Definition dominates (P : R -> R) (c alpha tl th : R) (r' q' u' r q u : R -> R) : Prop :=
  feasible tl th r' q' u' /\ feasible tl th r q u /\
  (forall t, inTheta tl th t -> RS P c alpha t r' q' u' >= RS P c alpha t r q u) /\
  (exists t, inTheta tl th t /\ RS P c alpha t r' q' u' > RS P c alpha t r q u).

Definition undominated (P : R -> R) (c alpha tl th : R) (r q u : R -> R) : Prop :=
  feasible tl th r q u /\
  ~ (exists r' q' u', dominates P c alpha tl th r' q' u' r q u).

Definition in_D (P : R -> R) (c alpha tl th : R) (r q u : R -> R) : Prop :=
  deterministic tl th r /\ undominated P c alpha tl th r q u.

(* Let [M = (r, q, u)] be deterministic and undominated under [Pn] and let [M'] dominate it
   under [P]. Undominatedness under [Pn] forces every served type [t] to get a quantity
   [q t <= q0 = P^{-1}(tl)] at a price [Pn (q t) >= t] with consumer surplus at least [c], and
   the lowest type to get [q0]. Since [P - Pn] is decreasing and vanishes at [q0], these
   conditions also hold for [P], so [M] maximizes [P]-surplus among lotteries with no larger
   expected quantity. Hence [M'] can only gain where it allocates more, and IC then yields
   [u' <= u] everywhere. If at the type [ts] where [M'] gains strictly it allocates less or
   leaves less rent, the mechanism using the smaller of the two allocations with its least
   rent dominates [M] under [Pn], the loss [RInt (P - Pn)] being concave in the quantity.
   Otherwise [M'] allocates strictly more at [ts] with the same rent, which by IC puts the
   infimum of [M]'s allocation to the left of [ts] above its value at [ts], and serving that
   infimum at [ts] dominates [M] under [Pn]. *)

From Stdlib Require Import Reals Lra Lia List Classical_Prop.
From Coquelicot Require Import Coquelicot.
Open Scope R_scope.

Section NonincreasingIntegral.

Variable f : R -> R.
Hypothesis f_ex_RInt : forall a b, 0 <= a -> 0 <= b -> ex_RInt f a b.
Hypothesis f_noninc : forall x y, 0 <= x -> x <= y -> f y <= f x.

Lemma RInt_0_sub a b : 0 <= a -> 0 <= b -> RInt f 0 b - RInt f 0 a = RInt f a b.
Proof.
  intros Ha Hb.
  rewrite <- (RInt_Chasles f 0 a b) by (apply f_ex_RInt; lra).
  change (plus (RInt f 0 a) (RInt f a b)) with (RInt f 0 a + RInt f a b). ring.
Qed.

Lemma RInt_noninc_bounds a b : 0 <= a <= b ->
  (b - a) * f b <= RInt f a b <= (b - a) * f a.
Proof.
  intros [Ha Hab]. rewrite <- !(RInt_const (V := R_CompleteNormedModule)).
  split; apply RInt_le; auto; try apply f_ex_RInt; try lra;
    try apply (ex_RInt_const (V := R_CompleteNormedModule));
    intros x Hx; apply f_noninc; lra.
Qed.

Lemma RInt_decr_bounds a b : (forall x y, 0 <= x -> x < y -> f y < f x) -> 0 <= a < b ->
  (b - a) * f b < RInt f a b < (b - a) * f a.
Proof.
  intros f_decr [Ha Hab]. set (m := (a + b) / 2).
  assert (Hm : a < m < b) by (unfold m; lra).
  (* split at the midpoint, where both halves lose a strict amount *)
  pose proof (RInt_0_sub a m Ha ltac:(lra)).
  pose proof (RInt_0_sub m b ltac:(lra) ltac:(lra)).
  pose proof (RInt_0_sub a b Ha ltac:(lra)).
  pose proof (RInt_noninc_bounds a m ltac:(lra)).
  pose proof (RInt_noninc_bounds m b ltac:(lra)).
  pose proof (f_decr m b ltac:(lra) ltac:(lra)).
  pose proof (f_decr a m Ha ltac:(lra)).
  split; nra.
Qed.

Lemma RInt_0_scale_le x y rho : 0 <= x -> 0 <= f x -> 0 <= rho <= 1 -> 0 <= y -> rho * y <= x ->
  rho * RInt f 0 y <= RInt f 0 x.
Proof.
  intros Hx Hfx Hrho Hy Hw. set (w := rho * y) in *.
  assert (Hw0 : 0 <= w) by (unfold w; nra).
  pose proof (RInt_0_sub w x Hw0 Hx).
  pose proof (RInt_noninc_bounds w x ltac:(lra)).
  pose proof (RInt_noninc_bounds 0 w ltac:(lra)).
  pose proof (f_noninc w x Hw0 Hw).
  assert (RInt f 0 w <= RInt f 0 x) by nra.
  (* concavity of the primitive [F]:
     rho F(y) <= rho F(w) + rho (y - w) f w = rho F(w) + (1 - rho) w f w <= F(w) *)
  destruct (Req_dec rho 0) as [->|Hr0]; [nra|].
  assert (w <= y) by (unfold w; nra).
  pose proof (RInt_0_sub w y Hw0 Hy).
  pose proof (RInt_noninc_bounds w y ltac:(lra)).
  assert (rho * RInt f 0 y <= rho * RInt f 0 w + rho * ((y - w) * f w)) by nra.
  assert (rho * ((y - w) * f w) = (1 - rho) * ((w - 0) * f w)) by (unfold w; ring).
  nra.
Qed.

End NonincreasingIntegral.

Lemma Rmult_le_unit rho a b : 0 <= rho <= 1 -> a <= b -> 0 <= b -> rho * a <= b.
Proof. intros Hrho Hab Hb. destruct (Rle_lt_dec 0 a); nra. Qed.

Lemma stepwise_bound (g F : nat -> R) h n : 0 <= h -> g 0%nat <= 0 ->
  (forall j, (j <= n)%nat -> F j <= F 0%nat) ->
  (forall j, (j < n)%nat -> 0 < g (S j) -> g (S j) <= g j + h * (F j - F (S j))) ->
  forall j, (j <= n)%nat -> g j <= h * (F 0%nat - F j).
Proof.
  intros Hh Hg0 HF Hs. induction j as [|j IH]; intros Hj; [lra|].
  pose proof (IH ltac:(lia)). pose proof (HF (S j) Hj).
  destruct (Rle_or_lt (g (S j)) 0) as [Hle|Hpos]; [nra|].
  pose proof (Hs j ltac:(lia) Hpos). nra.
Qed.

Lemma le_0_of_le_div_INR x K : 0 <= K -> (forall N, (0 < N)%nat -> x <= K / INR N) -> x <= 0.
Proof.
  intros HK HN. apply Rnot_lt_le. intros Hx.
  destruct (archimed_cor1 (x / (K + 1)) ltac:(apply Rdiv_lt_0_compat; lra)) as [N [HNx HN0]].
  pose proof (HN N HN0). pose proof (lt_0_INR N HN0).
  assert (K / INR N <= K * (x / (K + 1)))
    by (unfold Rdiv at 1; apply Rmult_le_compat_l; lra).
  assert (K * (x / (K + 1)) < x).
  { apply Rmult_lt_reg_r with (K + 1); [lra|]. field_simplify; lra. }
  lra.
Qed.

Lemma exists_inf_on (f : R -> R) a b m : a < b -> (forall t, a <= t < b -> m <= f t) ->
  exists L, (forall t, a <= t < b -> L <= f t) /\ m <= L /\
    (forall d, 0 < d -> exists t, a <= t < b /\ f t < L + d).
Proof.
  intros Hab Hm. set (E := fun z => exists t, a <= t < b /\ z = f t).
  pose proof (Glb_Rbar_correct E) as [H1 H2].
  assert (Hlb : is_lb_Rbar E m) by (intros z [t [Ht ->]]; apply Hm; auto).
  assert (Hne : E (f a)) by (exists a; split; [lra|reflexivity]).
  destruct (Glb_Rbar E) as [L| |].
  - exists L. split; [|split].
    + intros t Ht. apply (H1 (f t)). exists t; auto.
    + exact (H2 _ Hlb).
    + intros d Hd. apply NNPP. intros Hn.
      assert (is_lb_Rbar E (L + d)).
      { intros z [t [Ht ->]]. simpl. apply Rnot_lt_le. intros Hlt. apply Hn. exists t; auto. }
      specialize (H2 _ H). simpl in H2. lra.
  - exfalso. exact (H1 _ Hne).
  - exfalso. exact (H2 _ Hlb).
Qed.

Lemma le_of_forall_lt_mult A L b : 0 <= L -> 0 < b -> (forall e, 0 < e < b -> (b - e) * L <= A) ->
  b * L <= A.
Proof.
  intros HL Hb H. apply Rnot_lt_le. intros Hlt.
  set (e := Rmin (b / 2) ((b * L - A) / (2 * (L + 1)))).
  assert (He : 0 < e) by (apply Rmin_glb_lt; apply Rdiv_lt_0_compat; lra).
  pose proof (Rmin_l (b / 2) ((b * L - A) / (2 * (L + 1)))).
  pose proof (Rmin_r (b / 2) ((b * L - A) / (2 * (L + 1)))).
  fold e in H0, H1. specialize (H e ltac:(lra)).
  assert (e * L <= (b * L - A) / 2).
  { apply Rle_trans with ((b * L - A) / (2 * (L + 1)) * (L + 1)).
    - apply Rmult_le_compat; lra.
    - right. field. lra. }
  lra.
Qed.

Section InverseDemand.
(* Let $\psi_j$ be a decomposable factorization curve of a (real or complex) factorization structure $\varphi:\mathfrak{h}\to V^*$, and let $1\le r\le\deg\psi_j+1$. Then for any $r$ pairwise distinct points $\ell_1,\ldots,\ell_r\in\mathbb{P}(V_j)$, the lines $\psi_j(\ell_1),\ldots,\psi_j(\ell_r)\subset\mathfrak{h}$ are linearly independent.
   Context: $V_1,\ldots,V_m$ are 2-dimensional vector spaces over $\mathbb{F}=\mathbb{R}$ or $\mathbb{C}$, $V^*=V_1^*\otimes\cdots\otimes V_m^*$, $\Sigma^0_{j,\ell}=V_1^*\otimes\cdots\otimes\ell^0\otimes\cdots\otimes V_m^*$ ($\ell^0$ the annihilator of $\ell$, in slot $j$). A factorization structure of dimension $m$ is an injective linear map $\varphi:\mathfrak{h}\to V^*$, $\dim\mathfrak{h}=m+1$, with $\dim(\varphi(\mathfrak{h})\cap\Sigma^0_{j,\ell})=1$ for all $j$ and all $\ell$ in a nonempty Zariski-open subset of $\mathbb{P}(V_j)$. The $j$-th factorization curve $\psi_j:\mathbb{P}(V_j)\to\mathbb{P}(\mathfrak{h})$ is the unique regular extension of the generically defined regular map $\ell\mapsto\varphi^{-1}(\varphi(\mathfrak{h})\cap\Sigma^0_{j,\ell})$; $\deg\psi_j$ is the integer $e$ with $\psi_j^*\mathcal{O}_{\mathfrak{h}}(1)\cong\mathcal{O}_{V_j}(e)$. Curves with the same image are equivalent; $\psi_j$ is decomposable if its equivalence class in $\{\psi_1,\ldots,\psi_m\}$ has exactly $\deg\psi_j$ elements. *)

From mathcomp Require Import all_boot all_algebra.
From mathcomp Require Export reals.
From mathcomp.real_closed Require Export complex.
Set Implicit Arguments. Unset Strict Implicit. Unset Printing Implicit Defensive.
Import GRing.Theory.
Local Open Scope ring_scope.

........

All lines above from the line with "destruct (archimed_cor1 (x" through the line with "assert (Hlb : is_lb_Rbar", both included, are to be set down exactly, with nothing else.

  destruct (archimed_cor1 (x / (K + 1)) ltac:(apply Rdiv_lt_0_compat; lra)) as [N [HNx HN0]].
  pose proof (HN N HN0). pose proof (lt_0_INR N HN0).
  assert (K / INR N <= K * (x / (K + 1)))
    by (unfold Rdiv at 1; apply Rmult_le_compat_l; lra).
  assert (K * (x / (K + 1)) < x).
  { apply Rmult_lt_reg_r with (K + 1); [lra|]. field_simplify; lra. }
  lra.
Qed.

Lemma exists_inf_on (f : R -> R) a b m : a < b -> (forall t, a <= t < b -> m <= f t) ->
  exists L, (forall t, a <= t < b -> L <= f t) /\ m <= L /\
    (forall d, 0 < d -> exists t, a <= t < b /\ f t < L + d).
Proof.
  intros Hab Hm. set (E := fun z => exists t, a <= t < b /\ z = f t).
  pose proof (Glb_Rbar_correct E) as [H1 H2].
  assert (Hlb : is_lb_Rbar E m) by (intros z [t [Ht ->]]; apply Hm; auto).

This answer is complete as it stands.